Kering

D. Andar
Chapter #9

Perasaan Menyiksa

Berbicara dengan ayahnya sangat menguras energi, Genta merasa tenaganya habis begitu dia keluar dari kantor polisi. Dia tidak berbicara dengan Sumiah, wanita yang melahirkannya itu tidak bersedia menemui Genta. Tak ada alasan.

Hujan sudah berhenti, menyisakan titik-titik air pada dedaunan. Halaman kantor polisi yang dilapisi paving block berkilau, efek dari permukaan basah yang tertimpa sinar matahari. Genta mendongak, langit tampak bersih sekarang, awan nimbus yang semula menggantung tebal sudah terusir pergi. Semilir angin menyentuh lembut kulit Genta, membawa hawa dingin yang menyejukkan. Aroma tanah basah menguar, menghadirkan perasaan nyaman yang abstrak. Genta menarik napas panjang, lalu mengembuskannya perlahan. Pandangannya beralih pada jalan raya di depannya, kendaraan berlalu lalang, orang-orang mulai beraktivitas setelah mungkin sepagian mendekam di rumah karena guyuran hujan yang lebat. Genta menghampiri motor Muhidi yang terparkir bersama deretan motor lain kemudian menaikinya, meninggalkan tempat itu.

Di tengah perjalanan kembali ke rumah kakeknya, mendadak Genta mengubah tujuan, dia ingin mendatangi suatu tempat. Tempat yang dulu pernah ia kunjungi bersama ayahnya. Mardiono memang bukan ayah yang baik, tapi ada kalanya lelaki itu bersikap seperti seorang ayah yang sesungguhnya. Satu dari sedikit kenangan indah bersama ayahnya adalah ketika Genta diajak ke kebun karet tempat Mardiono bekerja. Kebunnya sangat luas, penduduk setempat lebih sering menyebutnya hutan karet ketimbang kebun biasa.

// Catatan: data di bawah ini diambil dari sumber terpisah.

Lemma LMI_local_decrease (R : realType) k m0 (A E : 'M[R]_k) (B F : 'M[R]_(k, m0))
    (C : 'M[R]_(m0, k)) (S : 'M[R]_m0) (G : 'M[R]_(m0, k)) (H : 'M[R]_k) (P : 'M[R]_k) x v xp :
  E^T = E -> E *m P = 1%:M -> posdiag H -> psd (LMI A E B F C S G H) ->
  xp = (A + B *m (G *m P)) *m x + F *m v ->
  vdot xp (P *m xp) + \sum_a x a 0 ^+ 2 / H a a
    <= vdot x (P *m x) + vdot v (C *m x) + vdot v (S *m v).
Proof.
move=> ET EP [H_diag H_gt0] psdLMI xpE.
have PT : P^T = P.
  by rewrite -[P^T]mulmx1 -EP mulmxA -ET -trmx_mul EP trmx1 mul1mx.
pose w := \col_a (x a 0 / H a a).
have Hw : H *m w = x.
  apply/matrixP => a j; rewrite ord1 mxE (bigD1 a) //= big1 => [|b ba].
    by rewrite !mxE addr0 mulrC divfK ?gt_eqF.
  by rewrite H_diag ?mul0r // eq_sym.
(* (iii) reads [Q N^T; N D] >= 0; at z1 = (P x, v) and z2 = (P xp, H^-1 x) we have
   D z2 = N z1 = (xp, x), and the Schur bound z2^T D z2 <= z1^T Q z1 is the claim *)
pose Q := block_mx E (2^-1 *: (E *m C^T)) (2^-1 *: (C *m E)) (2^-1 *: S + 2^-1 *: S^T).
pose N := block_mx (A *m E + B *m G) F E 0.
pose D := block_mx E 0 0 H.
have LMIE : LMI A E B F C S G H = block_mx Q N^T N D.
  by rewrite /LMI tr_block_mx ET trmx0.
have := psd_block_schur (Q := Q) (N := N) (D := D)
  (z1 := col_mx (P *m x) v) (z2 := col_mx (P *m xp) w).
rewrite -LMIE => /(_ psdLMI).
have EPy l (y : 'M[R]_(k, l)) : E *m (P *m y) = y by rewrite mulmxA EP mul1mx.
rewrite !mul_block_col !mul0mx !addr0 add0r Hw EPy mulmxA mulmxDl -!mulmxA EPy.
rewrite EP mulmx1 -xpE => /(_ erefl).
have PxP y : vdot (P *m y) y = vdot y (P *m y) by rewrite vdot_mull PT.
have cross_term : vdot (P *m x) (E *m C^T *m v) = vdot v (C *m x).
  by rewrite [LHS]vdotC -mulmxA vdot_mull ET EPy vdot_mull trmxK.
have S_sym : vdot v (S^T *m v) = vdot v (S *m v) by rewrite -vdot_mull vdotC.
have wx : vdot w x = \sum_a x a 0 ^+ 2 / H a a.
  by rewrite vdotE; apply: eq_bigr => a _; rewrite mxE mulrAC expr2.
rewrite !vdot_col_mx !mulmxDl -!scalemxAl !vdotDr !vdotZr -[C *m E *m _]mulmxA EPy.
rewrite !PxP cross_term S_sym wx; lra.
Qed.

Section GlobalState.
Variables (R : realType) (M : nat) (n : 'I_M -> nat).

Definition lyap (P : forall i, 'M[R]_(n i)) (X : gstate R n) : R :=
  \sum_i vdot (X i) (P i *m X i).

Lemma gnorm_ge0 (X : gstate R n) : 0 <= Defs.gnorm X.
Proof. by apply: sumr_ge0 => i _; apply: sumr_ge0. Qed.

Lemma gnorm_sqr_le (X : gstate R n) :
  Defs.gnorm X ^+ 2 <= (\sum_i n i)%:R * \sum_i vdot (X i) (X i).
Proof.
have -> : Defs.gnorm X = \sum_r `|mxcol X r 0|.
  rewrite (@big_Rank _ _ _ _ n); apply: eq_bigr => i _.
  by apply: eq_bigr => a _; rewrite mxcol_Rank.
rewrite -vdot_mxcol vdotE -[X in X%:R](card_ord (\sum_i n i)).
under [X in _ <= _ * X]eq_bigr do rewrite -expr2.
exact: sqr_sum_norm_le.
Qed.

Lemma lyap_le_gnorm (P : forall i, 'M[R]_(n i)) (X : gstate R n) :
  lyap P X <= (\sum_i \sum_a \sum_b `|P i a b|) * Defs.gnorm X ^+ 2.
Proof.
rewrite /lyap mulr_suml; apply: ler_sum => i _; apply: le_trans (vdot_le_norm1 _ _) _.
apply: ler_wpM2l; first by apply: sumr_ge0 => a _; apply: sumr_ge0.
rewrite ler_sqr ?nnegrE ?gnorm_ge0 ?sumr_ge0 //.
by apply: (ler_term_sum (F := fun i => \sum_a `|X i a 0|)) => j; apply: sumr_ge0.
Qed.

Lemma lyap_invmx_ge0 (E : forall i, 'M[R]_(n i)) (eps : 'I_M -> R) (X : gstate R n) :
  (forall i, 0 <= eps i) -> (forall i, (E i)^T = E i) -> (forall i, E i \in unitmx) ->
  (forall i, psd (E i - eps i *: 1%:M)) -> 0 <= lyap (fun i => invmx (E i)) X.
Proof.
move=> eps_ge0 E_sym E_unit E_psd; apply: sumr_ge0 => i _.
rewrite -{1}(mulKVmx (E_unit i) (X i)) vdot_mull E_sym.
apply: le_trans (psd_shift_vdot _ (E_psd i)).
by rewrite mulr_ge0 ?vdot_ge0.
Qed.

End GlobalState.

Section ClosedLoop.
Variables (R : realType) (M m0 : nat) (n : 'I_M -> nat).
Variables (A : forall i, 'M[R]_(n i)) (B F : forall i, 'M[R]_(n i, m0)).
Variables (C : forall i, 'M[R]_(m0, n i)) (Nm : 'I_M -> {set 'I_M}) (l : 'I_M -> 'I_M -> R).
Variables (S : 'I_M -> 'M[R]_m0) (G : forall i, 'M[R]_(m0, n i)) (E H : forall i, 'M[R]_(n i)).
Variable eps0 : R.
Hypothesis Nm_irrefl : forall i, i \notin Nm i.
Hypothesis Ltilde_psd :
  forall w : 'cV[R]_(\sum_(i < M) m0), 0 <= (w^T *m Ltilde m0 Nm l *m w) 0 0.
Hypotheses (eps0_gt0 : 0 < eps0) (E_sym : forall i, (E i)^T = E i).
Hypothesis E_unit : forall i, E i \in unitmx.
Hypothesis HS_posdiag : forall i, posdiag (H i) /\ posdiag (S i).
Hypothesis LMI_psd : forall i, psd (LMI (A i) (E i) (B i) (F i) (C i) (S i) (G i) (H i)).
Hypothesis H_le : forall i (j : 'I_(n i)), H i j j <= 1 / (rownorm1 (Wblk Nm l C i) j + eps0).
Hypothesis S_le : forall i (k : 'I_m0), 0 < rownorm1 (Ublk Nm l C i) k ->
  S i k k <= 1 / rownorm1 (Ublk Nm l C i) k.

Definition coupling_input (X : gstate R n) i : 'cV[R]_m0 :=
  \sum_(j in Nm i) l i j *: (C j *m X j - C i *m X i).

Jalanan beraspal memantulkan cahaya pelangi yang terbentuk dari reaksi kombinasi antara cahaya matahari, air, dan minyak, Genta melajukan motor dengan kecepatan rata-rata. Dia tidak berharap cepat sampai tujuan, dia menikmati moment dalam perjalanannya. Genta mengenang kegembiraan yang dia rasakan saat membonceng di tangki bensin motor GL Pro ayahnya. Rasanya seperti sedang berada di atas awan. Dagu berlipatnya terangkat, matanya menatap sekeliling, pongah. Lucu, karena saat itu dia menganggap tidak ada anak yang seberuntung dirinya. Tentu saja banyak anak yang lebih beruntung dari dia.

Roda motor berbelok, meninggalkan jalan beraspal dan memasuki jalan lain yang lebarnya tak lebih dari ukuran sebuah truk. Jejak panjang terbentuk di atas tanah merah yang lunak akibat hujan, melindas rumput-rumput yang baru tumbuh. Genta memarkirkan motor di tepi hutan, di dekat semak-semak yang hampir setinggi anak kecil.

Tanah dan rumput masih basah, daun-daun pada pepohonan masih meneteskan sisa air hujan, tapi langit mulai menampakkan keceriaannya. Burung-burung berkicau, melompat dari satu pohon ke pohon yang lain sementara sinar mentari menembus sela-sela pepohonan hingga bagian yang terkena cahayanya berkilau bagai taman surga. Menciptakan ketenangan yang misterius.

Langkah Genta panjang-panjang saat memasuki hutan. Bau busuk getah karet yang mengambang di udara sama sekali tidak mengganggunya. Genta terus berjalan di antara deretan pohon-pohon yang rapi dengan sayatan berbentuk spiral melingkari batangnya dan cangklong yang tergantung.